# [WORK TO BE COMPLETED]
Set down again exactly the lines of the listing below that fall between the line holding "exists a b c" and the line holding "(unique up to", inclusive.

# [RECORD EXCERPTS]
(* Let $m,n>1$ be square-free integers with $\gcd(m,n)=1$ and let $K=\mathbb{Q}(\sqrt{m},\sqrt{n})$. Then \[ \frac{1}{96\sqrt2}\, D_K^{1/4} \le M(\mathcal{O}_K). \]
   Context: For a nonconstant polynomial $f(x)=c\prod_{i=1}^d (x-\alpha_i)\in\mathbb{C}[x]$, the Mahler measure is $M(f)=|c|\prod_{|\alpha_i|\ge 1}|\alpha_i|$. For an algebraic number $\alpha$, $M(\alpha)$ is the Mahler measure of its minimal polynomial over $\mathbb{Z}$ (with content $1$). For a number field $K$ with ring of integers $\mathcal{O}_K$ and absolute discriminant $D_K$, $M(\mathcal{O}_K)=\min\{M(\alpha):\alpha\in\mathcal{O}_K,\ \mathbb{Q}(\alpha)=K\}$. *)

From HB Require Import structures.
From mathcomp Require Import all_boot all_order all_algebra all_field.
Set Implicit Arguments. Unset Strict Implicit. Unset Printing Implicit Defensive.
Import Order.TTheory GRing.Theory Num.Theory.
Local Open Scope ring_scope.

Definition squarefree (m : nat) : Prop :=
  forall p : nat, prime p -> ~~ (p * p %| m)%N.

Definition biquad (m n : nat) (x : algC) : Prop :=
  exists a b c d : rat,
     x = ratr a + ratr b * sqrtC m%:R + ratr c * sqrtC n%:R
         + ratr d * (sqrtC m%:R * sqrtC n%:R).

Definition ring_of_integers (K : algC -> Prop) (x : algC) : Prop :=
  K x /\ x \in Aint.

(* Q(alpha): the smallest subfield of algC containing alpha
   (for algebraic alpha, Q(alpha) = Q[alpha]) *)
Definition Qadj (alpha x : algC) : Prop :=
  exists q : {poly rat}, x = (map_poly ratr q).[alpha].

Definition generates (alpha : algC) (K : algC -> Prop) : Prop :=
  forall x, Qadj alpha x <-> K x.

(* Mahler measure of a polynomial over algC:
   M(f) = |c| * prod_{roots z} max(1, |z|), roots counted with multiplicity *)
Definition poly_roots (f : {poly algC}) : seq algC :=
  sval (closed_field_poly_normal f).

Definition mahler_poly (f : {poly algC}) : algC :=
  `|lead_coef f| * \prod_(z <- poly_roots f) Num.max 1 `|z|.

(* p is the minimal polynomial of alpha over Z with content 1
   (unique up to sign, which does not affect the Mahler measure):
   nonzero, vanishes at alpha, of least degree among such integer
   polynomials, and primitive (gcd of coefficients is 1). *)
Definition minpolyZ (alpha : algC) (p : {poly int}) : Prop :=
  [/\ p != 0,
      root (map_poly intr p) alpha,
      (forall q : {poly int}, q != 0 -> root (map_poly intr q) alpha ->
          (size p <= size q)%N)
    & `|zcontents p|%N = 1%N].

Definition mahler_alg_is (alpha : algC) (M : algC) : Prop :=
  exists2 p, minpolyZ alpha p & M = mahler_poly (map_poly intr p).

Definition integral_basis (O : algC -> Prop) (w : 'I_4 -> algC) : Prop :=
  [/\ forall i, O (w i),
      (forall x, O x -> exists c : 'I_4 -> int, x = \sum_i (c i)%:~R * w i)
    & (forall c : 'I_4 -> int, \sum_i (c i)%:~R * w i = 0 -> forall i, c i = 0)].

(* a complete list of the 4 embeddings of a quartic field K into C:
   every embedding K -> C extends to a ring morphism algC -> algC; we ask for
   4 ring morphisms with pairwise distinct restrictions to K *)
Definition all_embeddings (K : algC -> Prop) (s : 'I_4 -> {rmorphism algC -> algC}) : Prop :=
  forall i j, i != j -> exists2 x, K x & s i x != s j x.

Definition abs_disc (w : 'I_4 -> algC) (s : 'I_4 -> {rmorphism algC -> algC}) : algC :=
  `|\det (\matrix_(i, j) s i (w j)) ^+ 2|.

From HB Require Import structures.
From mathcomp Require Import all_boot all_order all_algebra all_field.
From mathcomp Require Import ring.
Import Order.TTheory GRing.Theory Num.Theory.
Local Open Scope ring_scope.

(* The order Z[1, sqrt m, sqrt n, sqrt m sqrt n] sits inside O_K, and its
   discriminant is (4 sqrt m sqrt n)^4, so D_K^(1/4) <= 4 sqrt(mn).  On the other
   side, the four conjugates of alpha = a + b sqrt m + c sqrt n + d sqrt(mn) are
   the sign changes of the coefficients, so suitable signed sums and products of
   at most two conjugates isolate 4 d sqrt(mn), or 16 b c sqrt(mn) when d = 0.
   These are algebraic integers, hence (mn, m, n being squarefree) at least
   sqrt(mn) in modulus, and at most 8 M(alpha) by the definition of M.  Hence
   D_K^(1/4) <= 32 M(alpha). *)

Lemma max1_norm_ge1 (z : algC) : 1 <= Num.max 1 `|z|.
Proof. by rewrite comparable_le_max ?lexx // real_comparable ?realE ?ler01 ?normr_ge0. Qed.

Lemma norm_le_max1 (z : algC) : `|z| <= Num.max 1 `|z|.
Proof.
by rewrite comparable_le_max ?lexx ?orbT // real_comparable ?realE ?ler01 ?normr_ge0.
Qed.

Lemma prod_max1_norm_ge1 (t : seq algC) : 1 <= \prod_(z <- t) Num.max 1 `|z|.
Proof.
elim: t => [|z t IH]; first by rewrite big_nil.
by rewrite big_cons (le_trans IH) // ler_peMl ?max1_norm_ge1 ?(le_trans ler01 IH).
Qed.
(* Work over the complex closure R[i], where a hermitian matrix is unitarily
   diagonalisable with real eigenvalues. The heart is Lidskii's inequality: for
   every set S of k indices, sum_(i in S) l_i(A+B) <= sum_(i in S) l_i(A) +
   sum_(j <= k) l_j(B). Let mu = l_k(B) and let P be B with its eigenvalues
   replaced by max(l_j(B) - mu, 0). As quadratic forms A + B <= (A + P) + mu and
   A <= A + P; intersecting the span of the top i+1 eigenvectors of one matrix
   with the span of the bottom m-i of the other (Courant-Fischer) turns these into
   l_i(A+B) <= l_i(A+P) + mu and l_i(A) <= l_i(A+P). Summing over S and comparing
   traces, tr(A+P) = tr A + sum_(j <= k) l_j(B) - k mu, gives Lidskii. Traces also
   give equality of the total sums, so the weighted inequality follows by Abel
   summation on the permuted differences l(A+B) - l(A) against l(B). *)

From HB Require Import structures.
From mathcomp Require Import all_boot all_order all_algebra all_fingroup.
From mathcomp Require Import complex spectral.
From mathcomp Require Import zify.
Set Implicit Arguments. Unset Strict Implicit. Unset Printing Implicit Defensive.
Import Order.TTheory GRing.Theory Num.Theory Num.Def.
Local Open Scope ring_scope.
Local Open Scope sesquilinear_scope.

# [SOLUTION TO THE EXERCISE]
  exists a b c d : rat,
     x = ratr a + ratr b * sqrtC m%:R + ratr c * sqrtC n%:R
         + ratr d * (sqrtC m%:R * sqrtC n%:R).

Definition ring_of_integers (K : algC -> Prop) (x : algC) : Prop :=
  K x /\ x \in Aint.

(* Q(alpha): the smallest subfield of algC containing alpha
   (for algebraic alpha, Q(alpha) = Q[alpha]) *)
Definition Qadj (alpha x : algC) : Prop :=
  exists q : {poly rat}, x = (map_poly ratr q).[alpha].

Definition generates (alpha : algC) (K : algC -> Prop) : Prop :=
  forall x, Qadj alpha x <-> K x.

(* Mahler measure of a polynomial over algC:
   M(f) = |c| * prod_{roots z} max(1, |z|), roots counted with multiplicity *)
Definition poly_roots (f : {poly algC}) : seq algC :=
  sval (closed_field_poly_normal f).

Definition mahler_poly (f : {poly algC}) : algC :=
  `|lead_coef f| * \prod_(z <- poly_roots f) Num.max 1 `|z|.

(* p is the minimal polynomial of alpha over Z with content 1
   (unique up to sign, which does not affect the Mahler measure):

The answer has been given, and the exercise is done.